GBIF Infrastructure: Data processing

From publication to discovery

Crabtree Nature Preserve by Justin Kern licensed under CC BY-NC-ND 2.0.

Every single occurrence record in GBIF goes through a series of processing steps until it becomes available in on GBIF.org. Internally the processing is coordinated by a messaging system that keeps each part of our processing code independent. The process can be devided up into 3 main parts: crawling (downloading) datasets into fragments, parsing fragments into verbatim occurrences and interpreting verbatim values.

The outcome of each of these steps is available through our API. Every single occurrence record therefore has a raw fragment, verbatim and interpreted view. The corresponding timestamps lastCrawled, lastParsed and lastInterpreted indicate the exact last time each step has run. During processing, the progression of a dataset through these steps is visible on the ingestion monitor.

Raw fragments

The very first step is to harvest data from the registered service endpoint in the GBIF registry. If multiple services are registered we prefer Darwin Core Archives. On every dataset details page you can see all registered services in the external data section of the summary block. Similarily they are also included in a dataset detail from our REST API.

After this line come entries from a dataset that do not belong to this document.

(* Let $0\leq \beta<1$ and $m \in \mathbb{N}$. Let $f(z)=z+\sum_{k=1}^{\infty} a_{mk+1}z^{mk+1}$ belong to $\Theta_{\Sigma_m}(1,1,0,0;\beta)$ (the case $\tau=\lambda=1$, $\gamma=\delta=0$). Then $$|a_{m+1}| \leq \min\left\{\frac{2(1-\beta)}{1+m},\ 2\sqrt{\frac{1-\beta}{(m+1)(1+2m)}}\right\}\quad\text{and}\quad |a_{2m+1}| \leq \frac{2(1-\beta)}{1+2m}.$$
   Context: Let $\mathbb{U}=\{z\in\mathbb{C}:|z|<1\}$ and $m\in\mathbb{N}$. $\mathcal{A}_m$ denotes the class of functions analytic in $\mathbb{U}$ of the form $f(z)=z+\sum_{k=1}^{\infty}a_{mk+1}z^{mk+1}$. $\Sigma_m$ denotes the class of $m$-fold symmetric bi-univalent functions: functions $f\in\mathcal{A}_m$ univalent in $\mathbb{U}$ whose inverse $f^{-1}$ extends to a univalent function $g$ on $\mathbb{U}$; this $g$ has the expansion $g(w)=w-a_{m+1}w^{m+1}+\left[(m+1)a_{m+1}^2-a_{2m+1}\right]w^{2m+1}-\cdots$. For $\delta\in\mathbb{N}_0$ and $h(z)=z+\sum_{k\ge1}c_{mk+1}z^{mk+1}$ analytic in $\mathbb{U}$, the $m$-fold Ruscheweyh derivative is $\mathcal{R}^\delta h(z)=z+\sum_{k=1}^{\infty}\frac{\Gamma(\delta+k+1)}{\Gamma(k+1)\Gamma(\delta+1)}c_{mk+1}z^{mk+1}$ (for $\delta=0$ it is the identity). For such $h$ and parameters $\lambda,\gamma,\tau\neq0,\delta$, put $$J_h(z)=1+\frac{1}{\tau}\Big[(1-\lambda)(1-\gamma)\frac{\mathcal{R}^\delta h(z)}{z}+(\lambda(\gamma+1)+\gamma)(\mathcal{R}^\delta h)'(z)+\lambda\gamma\big(z(\mathcal{R}^\delta h)''(z)-2\big)-1\Big].$$ For $0\le\beta<1$, $\Theta_{\Sigma_m}(\tau,\lambda,\gamma,\delta;\beta)$ is the set of $f\in\Sigma_m$ such that $\operatorname{Re}J_f(z)>\beta$ for all $z\in\mathbb{U}$ and $\operatorname{Re}J_g(w)>\beta$ for all $w\in\mathbb{U}$, where $g$ is the extension of $f^{-1}$ to $\mathbb{U}$. *)

From Stdlib Require Import Reals Arith Factorial.
From Coquelicot Require Import Coquelicot.

Open Scope R_scope.

Definition in_U (z : C) : Prop := Cmod z < 1.

(* Total sum of a complex series (real and imaginary parts summed separately);
   it is the genuine sum whenever the series converges. *)
Definition CSeries (u : nat -> C) : C :=
  (Series (fun n => fst (u n)), Series (fun n => snd (u n))).

Definition has_expansion (h : C -> C) (c : nat -> C) : Prop :=
  forall z : C, in_U z -> is_series (fun n => (c n * z ^ n)%C) (h z).

Definition mfold_coeffs (m : nat) (c : nat -> C) : Prop :=
  c 1%nat = 1%C /\ forall n : nat, (forall k : nat, n <> (m * k + 1)%nat) -> c n = 0%C.

Definition in_A (m : nat) (h : C -> C) (c : nat -> C) : Prop :=
  mfold_coeffs m c /\ has_expansion h c.

Definition univalent_U (h : C -> C) : Prop :=
  forall z1 z2 : C, in_U z1 -> in_U z2 -> h z1 = h z2 -> z1 = z2.

Definition inverse_near0 (f g : C -> C) : Prop :=
  exists r : R, 0 < r /\ forall w : C, Cmod w < r -> in_U (g w) /\ f (g w) = w.

(* m-fold Ruscheweyh multiplier Gamma(delta+k+1)/(Gamma(k+1)Gamma(delta+1))
   on the coefficient of index n = m k + 1. *)
Definition rusch_mult (m delta n : nat) : R :=
  let k := ((n - 1) / m)%nat in
  INR (fact (delta + k)) / (INR (fact k) * INR (fact delta)).

Definition rusch_coeffs (m delta : nat) (c : nat -> C) (n : nat) : C :=
  (RtoC (rusch_mult m delta n) * c n)%C.

(* J_h(z), with R^delta h(z)/z, (R^delta h)'(z) and z (R^delta h)''(z)
   computed as the (termwise) power series of R^delta h. *)
Definition J (m : nat) (tau lambda gamma : C) (delta : nat) (c : nat -> C) (z : C) : C :=
  let d := rusch_coeffs m delta c in
  let S0 := CSeries (fun n => d n * z ^ (n - 1))%C in
  let S1 := CSeries (fun n => INR n * d n * z ^ (n - 1))%C in
  let S2 := CSeries (fun n => INR n * INR (n - 1) * d n * z ^ (n - 1))%C in
  (1 + / tau * ((1 - lambda) * (1 - gamma) * S0
                + (lambda * (gamma + 1) + gamma) * S1
                + lambda * gamma * (S2 - 2) - 1))%C.

(* f (with coefficients a) belongs to Theta_{Sigma_m}(tau,lambda,gamma,delta;beta):
   f in Sigma_m (f in A_m, univalent in U, f^{-1} extends to a univalent
   analytic g on U, given by its power series b), Re J_f > beta and Re J_g > beta. *)
Definition Theta (m : nat) (tau lambda gamma : C) (delta : nat) (beta : R)
    (f : C -> C) (a : nat -> C) : Prop :=
  in_A m f a /\ univalent_U f /\
  (forall z, in_U z -> beta < Re (J m tau lambda gamma delta a z)) /\
  exists (g : C -> C) (b : nat -> C),
    has_expansion g b /\ univalent_U g /\ inverse_near0 f g /\
    (forall w, in_U w -> beta < Re (J m tau lambda gamma delta b w)).

(* With tau = lambda = 1 and gamma = delta = 0 the functional J_h is just h', so Re f' > beta
   and Re g' > beta on the disc.  A Caratheodory-type estimate then gives
   |n c_n| <= 2 (1 - beta) for n >= 2 (recall c_1 = 1), both for the coefficients
   c = a of f and c = b of g.
   It is proved by averaging Re h'(z_j) - beta >= 0 over the points z_j = r e^(2 pi i j/(N+1))
   against the weights 1 - cos(n theta_j + psi): orthogonality of the trigonometric sums
   isolates the n-th coefficient up to aliased terms of order >= N + 1 - n, which vanish as
   N -> oo, and then r -> 1.
   Comparing f (g t) = t for small real t up to O(t^(2m+2)), and using uniqueness of
   power series coefficients, gives b_(2m+1) = (m+1) a_(m+1)^2 - a_(2m+1).  Hence
   (2m+1)(m+1) |a_(m+1)|^2 <= (2m+1) (|b_(2m+1)| + |a_(2m+1)|) <= 4 (1 - beta). *)

From Stdlib Require Import Reals Factorial.
From Coquelicot Require Import Coquelicot.
From Stdlib Require Import Lra Lia Psatz.

Open Scope R_scope.

Lemma is_series_unique_gen {K : AbsRing} {V : NormedModule K} (u : nat -> V) s1 s2 :
  is_series u s1 -> is_series u s2 -> s1 = s2.
Proof. exact (filterlim_locally_unique _ s1 s2). Qed.

Lemma norm_is_series_le {K : AbsRing} {V : NormedModule K} (u : nat -> V) s (v : nat -> R) l :
  is_series u s -> (forall k, norm (u k) <= v k) -> is_series v l -> norm s <= l.
Proof.
  intros Hu Hb Hv. change (Rbar_le (norm s) l).
  apply (filterlim_le (F := eventually) (fun N => norm (sum_n u N)) (sum_n v)).
  - exists O. intros N _. unfold sum_n.
    eapply Rle_trans; [apply norm_sum_n_m | apply sum_n_m_le; exact Hb].
  - exact (filterlim_comp _ _ _ (sum_n u) norm _ _ _ Hu (filterlim_norm s)).
  - exact Hv.
Qed.

Lemma series_terms_bounded {K : AbsRing} {V : NormedModule K} (u : nat -> V) s :
  is_series u s -> exists B, 0 <= B /\ forall k, norm (u k) <= B.
Proof.
  intros Hu. destruct (filterlim_bounded (sum_n u) (ex_intro _ s Hu)) as [M HM].
  assert (HM0 : 0 <= M) by (eapply Rle_trans; [apply (norm_ge_0 (sum_n u O)) | apply (HM O)]).
  exists (2 * M). split; [lra |]. intros [|k].
  - specialize (HM O). rewrite sum_O in HM. lra.
  - replace (u (S k)) with (plus (sum_n u (S k)) (opp (sum_n u k))).
    + eapply Rle_trans; [apply norm_triangle |]. rewrite norm_opp.
      pose proof (HM (S k)). pose proof (HM k). lra.
    + rewrite sum_Sn, plus_comm, plus_assoc. rewrite (plus_opp_l (G := V)), plus_zero_l. reflexivity.
Qed.

Definition single {G : AbelianMonoid} (i : nat) (v : G) (k : nat) : G :=
  if Nat.eqb k i then v else zero.

Lemma is_series_single {K : AbsRing} {V : NormedModule K} (i : nat) (v : V) :
  is_series (single i v) v.
Proof.
  apply filterlim_ext_loc with (fun _ => v); [| apply filterlim_const].
  exists i. intros N HN. induction N.
  - assert (i = O) by lia. subst. rewrite sum_O. reflexivity.
  - rewrite sum_Sn. unfold single at 2. destruct (Nat.eqb_spec (S N) i).
    + subst. rewrite (sum_n_ext_loc _ (fun _ => zero)); [| intros k Hk; unfold single;
        destruct (Nat.eqb_spec k (S N)); [lia | reflexivity]].
      unfold sum_n. rewrite sum_n_m_const_zero, plus_zero_l. reflexivity.
    + rewrite plus_zero_r. apply IHN. lia.
Qed.

Definition conv_on_01 (c : nat -> C) : Prop :=
  forall x : R, 0 < x < 1 -> ex_series (fun k => (c k * RtoC x ^ k)%C).

Lemma Cmod_mul_pow_R (c : C) (x : R) k : 0 <= x -> Cmod (c * RtoC x ^ k)%C = Cmod c * x ^ k.
Proof. intros Hx. rewrite Cmod_mult, Cmod_pow, Cmod_R, Rabs_pos_eq; auto. Qed.

Lemma conv_coef_bounded c rho : conv_on_01 c -> 0 < rho < 1 ->
  exists B, 0 <= B /\ forall k, Cmod (c k) * rho ^ k <= B.
Proof.
  intros Hc Hrho. destruct (Hc rho Hrho) as [s Hs].
  destruct (series_terms_bounded _ _ Hs) as [B [HB0 HB]].
  exists B. split; [exact HB0 |]. intros k.
  rewrite <- Cmod_mul_pow_R by lra. exact (HB k).
Qed.

Lemma conv_coef_geometric c r : conv_on_01 c -> 0 <= r < 1 ->
  exists C0 q, 0 <= C0 /\ 0 <= q < 1 /\ forall k, Cmod (c k) * r ^ k <= C0 * q ^ k.
Proof.
  intros Hc Hr. set (rho := (1 + r) / 2).
  destruct (conv_coef_bounded c rho Hc ltac:(unfold rho; lra)) as [B [HB0 HB]].
  exists B, (r / rho). split; [exact HB0 |]. split.
  - unfold rho. split; [apply Rdiv_le_0_compat; lra |].
    apply Rmult_lt_reg_r with ((1 + r) / 2); [lra |]. field_simplify; lra.
  - intros k. replace (r ^ k) with (rho ^ k * (r / rho) ^ k)
      by (rewrite <- Rpow_mult_distr; f_equal; unfold rho; field; lra).
    rewrite <- Rmult_assoc. apply Rmult_le_compat_r; [| apply HB].
    apply pow_le. unfold rho. apply Rdiv_le_0_compat; lra.
Qed.

Lemma pow_le_one x k : 0 <= x <= 1 -> x ^ k <= 1.
Proof. intros Hx. rewrite <- (pow1 k). apply pow_incr. exact Hx. Qed.

Lemma INR_S_mul_pow_le x k : 0 <= x < 1 -> INR (S k) * x ^ k * (1 - x) <= 1 - x ^ S k.
Proof.
  intros Hx. induction k.
  - simpl. lra.
  - rewrite S_INR. simpl pow. simpl pow in IHk.
    assert (0 <= x ^ k) by (apply pow_le; lra).
    assert (x ^ k <= 1) by (apply pow_le_one; lra).
    assert (x * x ^ k <= 1) by nra.
    assert (x * (INR (S k) * x ^ k * (1 - x)) <= x * (1 - x * x ^ k)) by (apply Rmult_le_compat_l; lra).
    nra.
Qed.
(* For every $b,b'\in\mathbb R$ and all $p,q\in\Delta_d$, \[ \ell^\Theta_{\mathrm C}(L_bp,L_{b'}q)\le\ell^\Theta_{\mathrm C}(p,q)+\Delta^{-1/2}|b-b'|. \]
   Context: $\Theta=\{\theta_1<\dots<\theta_d\}$ with constant stride $\Delta>0$; $\Delta_d$ the probability simplex of $\mathbb R^d$. For $u\in\Delta_d$, $\eta^{u,0}:=\sum_ku_k\delta_{\theta_k}$. Categorical projection $\Pi^\Theta_{\mathrm C}$: $\delta_x\mapsto\delta_{\theta_1}$ if $x\le\theta_1$, $\delta_{\theta_d}$ if $x\ge\theta_d$, $\frac{\theta_{k+1}-x}{\Delta}\delta_{\theta_k}+\frac{x-\theta_k}{\Delta}\delta_{\theta_{k+1}}$ if $\theta_k\le x\le\theta_{k+1}$, extended linearly to laws. For $b\in\mathbb R$, $L_b:\Delta_d\to\Delta_d$ is defined by $\Pi^\Theta_{\mathrm C}(\text{law of }X+b,\ X\sim\eta^{u,0})=\eta^{L_bu,0}$. Coordinate Cramér metric: $F_u(\theta_k):=\sum_{j\le k}u_j$, $\ell^\Theta_{\mathrm C}(u,v)^2:=\Delta\sum_{k=1}^{d-1}(F_u(\theta_k)-F_v(\theta_k))^2$. *)

(* Reals are modelled by an arbitrary real closed field R
   (the statement is purely algebraic; the real numbers are an instance). *)
From HB Require Import structures.
From mathcomp Require Import all_boot all_order all_algebra.
Set Implicit Arguments. Unset Strict Implicit. Unset Printing Implicit Defensive.
Import Order.TTheory GRing.Theory Num.Theory.
Local Open Scope ring_scope.

(* Grid Theta = {theta_1 < ... < theta_d}, 0-indexed here:
   atom k (k = 0 .. d-1) is  theta k = theta1 + k * Delta. *)
Definition theta (R : rcfType) (theta1 Delta : R) (k : nat) : R :=
  theta1 + k%:R * Delta.

Definition simplex (R : rcfType) (d : nat) (u : 'I_d -> R) : Prop :=
  (forall k, 0 <= u k) /\ \sum_(k < d) u k = 1.

Definition cproj_dirac (R : rcfType) (d : nat) (theta1 Delta : R)
    (x : R) (j : nat) : R :=
  let th := theta theta1 Delta in
  if x <= th 0%N then (j == 0%N)%:R
  else if th d.-1 <= x then (j == d.-1)%:R
  else if (th j <= x) && (x <= th j.+1) then (th j.+1 - x) / Delta
  else if (0 < j)%N && (th j.-1 <= x) && (x <= th j) then (x - th j.-1) / Delta
  else 0.

(* L_b u : coordinates of Pi_C(law of X + b), X ~ sum_k u_k delta_{theta_k},
   i.e. the linear extension of the projection applied to
   sum_k u_k delta_{theta_k + b}. *)
Definition Lb (R : rcfType) (d : nat) (theta1 Delta b : R) (u : 'I_d -> R)
    : 'I_d -> R :=
  fun j => \sum_(k < d) u k * cproj_dirac d theta1 Delta (theta theta1 Delta k + b) j.
Lemma density_ketbra (T : finType) (f : T -> R) :
  dotr f f = 1 -> density (ketbra f).
Proof.
move=> f1; split.
- by move=> i j; rewrite /ketbra conj_real mulrC.
- by move=> x; rewrite -/(qform _ x) qform_ketbra conj_mul_ge0.
- by rewrite -rmorph_sum -/(dotr f f) f1 rmorph1.
Qed.

Lemma tr_prod_projector_ketbra (I T : finType) (g : I -> T -> R) (f : T -> R) :
  tr_prod (projector g) (ketbra f) = (\sum_c dotr (g c) f ^+ 2)%:C.
Proof.
rewrite rmorph_sum /tr_prod.
under eq_bigr do under eq_bigr do rewrite mulr_suml.
under eq_bigr do rewrite exchange_big; rewrite exchange_big.
apply: eq_bigr => c _; rewrite expr2 /dotr mulr_suml rmorph_sum.
apply: eq_bigr => i _; rewrite mulr_sumr rmorph_sum.
by apply: eq_bigr => j _; rewrite /ketbra -!rmorphM; congr _%:C; ring.
Qed.

Definition tensor (I T : finType) (f : I -> T -> R) (b : {ffun I -> T}) : R :=
  \prod_i f i (b i).

Lemma dotr_tensor (I T : finType) (f g : I -> T -> R) :
  dotr (tensor f) (tensor g) = \prod_i dotr (f i) (g i).
Proof.
rewrite /dotr bigA_distr_bigA /=; apply: eq_bigr => b _.
by rewrite /tensor -big_split.
Qed.

Lemma dotr_comp_bij (T T' : finType) (e : T' -> T) (f g : T -> R) :
  bijective e -> dotr (f \o e) (g \o e) = dotr f g.
Proof. by move=> e_bij; rewrite /dotr (reindex e) //; apply: onW_bij. Qed.
End RealOperators.

Section Fingerprint.
Variables (R : realType) (k : nat) (K : finType) (F : finFieldType) (amp : R).
Hypothesis amp_norm : amp ^+ 2 * #|F|%:R = 1.

Definition set_poly (S : {set 'I_k}) : {poly F} := \sum_(j in S) 'X^j.

Lemma coef_set_poly S (j : 'I_k) : (set_poly S)`_j = (j \in S)%:R.
Proof.
rewrite coef_sum (eq_bigr (fun i => (i == j)%:R)) => [|i _]; last first.
  by rewrite coefXn eq_sym.
have [jS | njS] := boolP (j \in S).
  by rewrite (bigD1 j) //= eqxx big1 ?addr0 // => i /andP [_ /negbTE ->].
by rewrite big1 // => i iS; case: eqP => // eq_ij; rewrite -eq_ij iS in njS.
Qed.

Definition fingerprint (c : K) (S : {set 'I_k}) (t : K * (F * F)) : R :=
  amp * ((t.1 == c)%:R * (t.2.2 == (set_poly S).[t.2.1])%:R).

Definition agree (S S' : {set 'I_k}) : nat :=
  #|[pred x : F | (set_poly S).[x] == (set_poly S').[x]]|.

Lemma dotr_fingerprint c S c' S' :
  dotr (fingerprint c S) (fingerprint c' S') =
  amp ^+ 2 * ((c == c')%:R * (agree S S')%:R).
Proof.
set p := set_poly S; set p' := set_poly S'.
have agreeE : (agree S S')%:R = \sum_x \sum_y
    ((y == p.[x])%:R * (y == p'.[x])%:R : R).
  rewrite /agree -sum1_card natr_sum big_mkcond /=.
  by apply: eq_bigr => x _; rewrite sum_indicator_eq inE; case: eqP.
rewrite agreeE pair_bigA -sum_indicator_eq big_distrlr mulr_sumr /=.
under eq_bigr do rewrite mulr_sumr.
rewrite pair_bigA; apply: eq_bigr => t _.
by rewrite /fingerprint; ring.
Qed.

Lemma size_set_poly S : (size (set_poly S) <= k)%N.
Proof.
apply: leq_trans (size_sum _ _ _) _; apply/bigmax_leqP => j _.
by rewrite size_polyXn.
Qed.

Lemma set_poly_inj : injective set_poly.
Proof.
move=> S S' eqSS'; apply/setP => j.
have := congr1 (fun p : {poly F} => p`_j) eqSS'; rewrite /= !coef_set_poly.
by do 2 case: (_ \in _) => //=; move/eqP; rewrite ?oner_eq0 // eq_sym oner_eq0.
Qed.

Lemma agree_refl S : agree S S = #|F|.
Proof. by apply: eq_card => x; rewrite inE eqxx. Qed.

Lemma agree_lt S S' : S != S' -> (agree S S' < k)%N.
Proof.
move=> neqSS'.
have nz : set_poly S - set_poly S' != 0.
  by rewrite subr_eq0; apply: contra neqSS' => /eqP /set_poly_inj ->.
rewrite /agree cardE; apply: leq_trans (max_poly_roots nz _ (enum_uniq _)) _.
- by apply/allP => x; rewrite mem_enum inE /root hornerD hornerN subr_eq0.
- apply: leq_trans (size_polyD _ _) _.
  by rewrite size_polyN geq_max !size_set_poly.
Qed.

Lemma dotr_fingerprint_unit c S : dotr (fingerprint c S) (fingerprint c S) = 1.
Proof. by rewrite dotr_fingerprint eqxx agree_refl mul1r. Qed.

Lemma dotr_fingerprint_bound c S S' :
  0 <= dotr (fingerprint c S) (fingerprint c S') <= 1.
Proof.
rewrite dotr_fingerprint eqxx mul1r mulr_ge0 ?sqr_ge0 //=.
by rewrite -[X in _ <= X]amp_norm ler_wpM2l ?sqr_ge0 // ler_nat max_card.
Qed.

Lemma dotr_fingerprint_neq c S S' : (2 * k <= #|F|)%N -> S != S' ->
  dotr (fingerprint c S) (fingerprint c S') <= 2^-1.
Proof.
move=> HF /agree_lt lt_k; rewrite dotr_fingerprint eqxx mul1r.
have k_le : (agree S S')%:R * 2 <= #|F|%:R :> R.
  rewrite -natrM ler_nat; apply: leq_trans HF.
  by rewrite mulnC leq_pmul2l // ltnW.
have -> : 2^-1 = amp ^+ 2 * (#|F|%:R / 2) :> R by rewrite mulrA amp_norm mul1r.
by rewrite ler_wpM2l ?sqr_ge0 // ler_pdivlMr ?ltr0n.
Qed.
End Fingerprint.

Section Leaders.
Variables (V : finType) (e : rel V).

Definition leader (v : V) (S : {set V}) : V := odflt v [pick u in S].

Lemma leader_in v (S : {set V}) : v \in S -> leader v S \in S.
Proof. by rewrite /leader; case: pickP => [u // | /(_ v) ->]. Qed.

Lemma leader_eq v w (S : {set V}) : v \in S -> w \in S -> leader v S = leader w S.
Proof. by rewrite /leader; case: pickP => [// | /(_ v) ->]. Qed.

Lemma transitive_of_classes (K : eqType) (c : V -> K) :
  (forall w, [set u | c u == c w] = [set u | e w u]) -> transitive e.
Proof.
move=> cls y x z exy eyz.
have /[!inE] /eqP cyx : y \in [set u | c u == c x] by rewrite cls inE.
have /[!inE] /eqP czy : z \in [set u | c u == c y] by rewrite cls inE.
by have := cls x; move/setP/(_ z); rewrite !inE czy cyx eqxx.
Qed.

Lemma leader_classes : reflexive e -> symmetric e -> transitive e ->
  forall w, [set u | leader u [set x | e u x] == leader w [set x | e w x]] =
            [set u | e w u].
Proof.
move=> refl_e sym_e trans_e w.
have same_nbhd u : e w u -> [set x | e u x] = [set x | e w x].
  move=> ewu; apply/setP => x; rewrite !inE.
  by apply/idP/idP; [apply: trans_e | rewrite sym_e in ewu; apply: trans_e].
apply/setP => u; rewrite !inE; apply/eqP/idP => [eq_lead | ewu].
  have /[!inE] eul : leader u [set x | e u x] \in [set x | e u x].
    by apply: leader_in; rewrite inE.
  have /[!inE] ewl : leader w [set x | e w x] \in [set x | e w x].
    by apply: leader_in; rewrite inE.
  by rewrite eq_lead in eul; apply: trans_e ewl _; rewrite sym_e.
by rewrite same_nbhd //; apply: leader_eq; rewrite inE.
Qed.
End Leaders.

Section ClosedAdjacency.
Variables (k : nat) (adj : 'I_k -> 'I_k -> bool).
Hypothesis adj_simple : simple_graph adj.

Definition closed_adj (u v : 'I_k) : bool := (u == v) || adj u v.

Lemma closed_adj_refl : reflexive closed_adj.
Proof. by move=> u; rewrite /closed_adj eqxx. Qed.

Lemma closed_adj_sym : symmetric closed_adj.
Proof. by move=> u v; rewrite /closed_adj eq_sym (proj1 adj_simple). Qed.

Lemma P3_free_closed_adj_trans : ~ has_induced_P3 adj <-> transitive closed_adj.
Proof.
rewrite /closed_adj; split => [noP3 y x z | trans_e [a [b [c [nab nbc nac]]]]].
  have [<- // | nxy /= exy] := eqVneq x y.
  have [<- | nyz /= eyz] := eqVneq y z; first by rewrite exy orbT.
  have [// | nxz /=] := eqVneq x z; apply: contraT => nexz; case: noP3.
  by exists x, y, z; split => //; rewrite exy eyz.
case/and3P => eab ebc neac.
have /orP [/eqP eqac | eac] : (a == c) || adj a c.
  by apply: (trans_e b); rewrite ?eab ?ebc orbT.
- by rewrite eqac eqxx in nac.
- by rewrite eac in neac.
Qed.
End ClosedAdjacency.

Lemma prodr_le_factor (R : numDomainType) (I : finType) (a : I -> R) v :
  (forall i, 0 <= a i <= 1) -> \prod_i a i <= a v.
Proof.
move=> a01; rewrite (bigD1 v) //= ler_piMr ?prodr_ile1 //.
by case/andP: (a01 v).
Qed.

Section Protocol.
Variables (R : realType) (k q : nat) (K : finType) (F : finFieldType).
Variable enc : 'I_(2 ^ q) -> K * (F * F).
Hypothesis enc_bij : bijective enc.
Variable amp : R.
Hypothesis amp_norm : amp ^+ 2 * #|F|%:R = 1.
Variable label : 'I_k -> K.
Hypothesis label_inj : injective label.
Hypothesis field_large : (2 * k <= #|F|)%N.

Local Notation fp c S := (fingerprint amp c S \o enc).

Definition input_set (v : 'I_k) (nu : {ffun 'I_k -> bool}) : {set 'I_k} :=
  [set u | (v == u) || nu u].

Definition message (v : 'I_k) (nu : {ffun 'I_k -> bool}) : 'I_(2 ^ q) -> R :=
  fp (label (leader v (input_set v nu))) (input_set v nu).

Definition class (c : {ffun 'I_k -> K}) (w : 'I_k) : {set 'I_k} :=
  [set u | c u == c w].

Definition referee_vec (c : {ffun 'I_k -> K}) : {ffun 'I_k -> 'I_(2 ^ q)} -> R :=
  tensor (fun w => fp (c w) (class c w)).

Definition protocol : qnih_protocol R k :=
  @QNIH R k (fun _ => q) (fun v nu => ketbra (message v nu))
    (projector referee_vec).

Lemma dotr_fp c c' (S S' : {set 'I_k}) :
  dotr (fp c S) (fp c' S') = amp ^+ 2 * ((c == c')%:R * (agree F S S')%:R).
Proof. by rewrite dotr_comp_bij // dotr_fingerprint. Qed.

Lemma dotr_referee_vec (c c0 : {ffun 'I_k -> K}) (S : 'I_k -> {set 'I_k})
    (m : 'I_k -> 'I_(2 ^ q) -> R) :
  (forall w, m w = fp (c0 w) (S w)) ->
  dotr (referee_vec c) (tensor m) =
  (c == c0)%:R * \prod_w dotr (fp (c0 w) (class c0 w)) (fp (c0 w) (S w)).
Proof.
rewrite dotr_tensor; have [<- mE | neq_c mE] := eqVneq c c0.
  by rewrite mul1r; apply: eq_bigr => w _; rewrite mE.
have [w /negbTE ncw] : exists w, c w != c0 w.
  apply/existsP; apply: contraNT neq_c; rewrite negb_exists => /forallP cE.
  by apply/eqP/ffunP => w; apply/eqP; have := cE w; rewrite negbK.
by rewrite mul0r (bigD1 w) //= mE dotr_fp ncw mul0r mulr0 mul0r.
Qed.

Lemma referee_orthonormal : orthonormal referee_vec.
Proof.
move=> c c'; rewrite (@dotr_referee_vec c c' (class c')) //.
by rewrite big1 ?mulr1 // => w _; rewrite dotr_comp_bij // dotr_fingerprint_unit.
Qed.

Lemma protocol_valid : qnih_valid protocol.
Proof.
split=> [v nu | ]; last exact: effect_projector referee_orthonormal.
by apply: density_ketbra; rewrite dotr_comp_bij // dotr_fingerprint_unit.
Qed.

In addition to Darwin Core Archives GBIF also supports crawling of the XML based BioCASe, TAPIR and DiGIR protocols. The outcome of any crawling regardless of its protocol is a set of fragments each representing a single occurrence record in its raw form. In the case of Darwin Core Archives this is a JSON representation of an entire star record: a single core record with all the related extension records attached. In the case of the XML protocols, a fragment is the exact piece of XML that we have extracted. Each protocol and content schema (ABCD1.2, ABCD2.06, DwC1.0, DwC1.4, ...) therefore still exposes its entire content and nature. For example here are fragments of ABCD2.06 and Darwin Core.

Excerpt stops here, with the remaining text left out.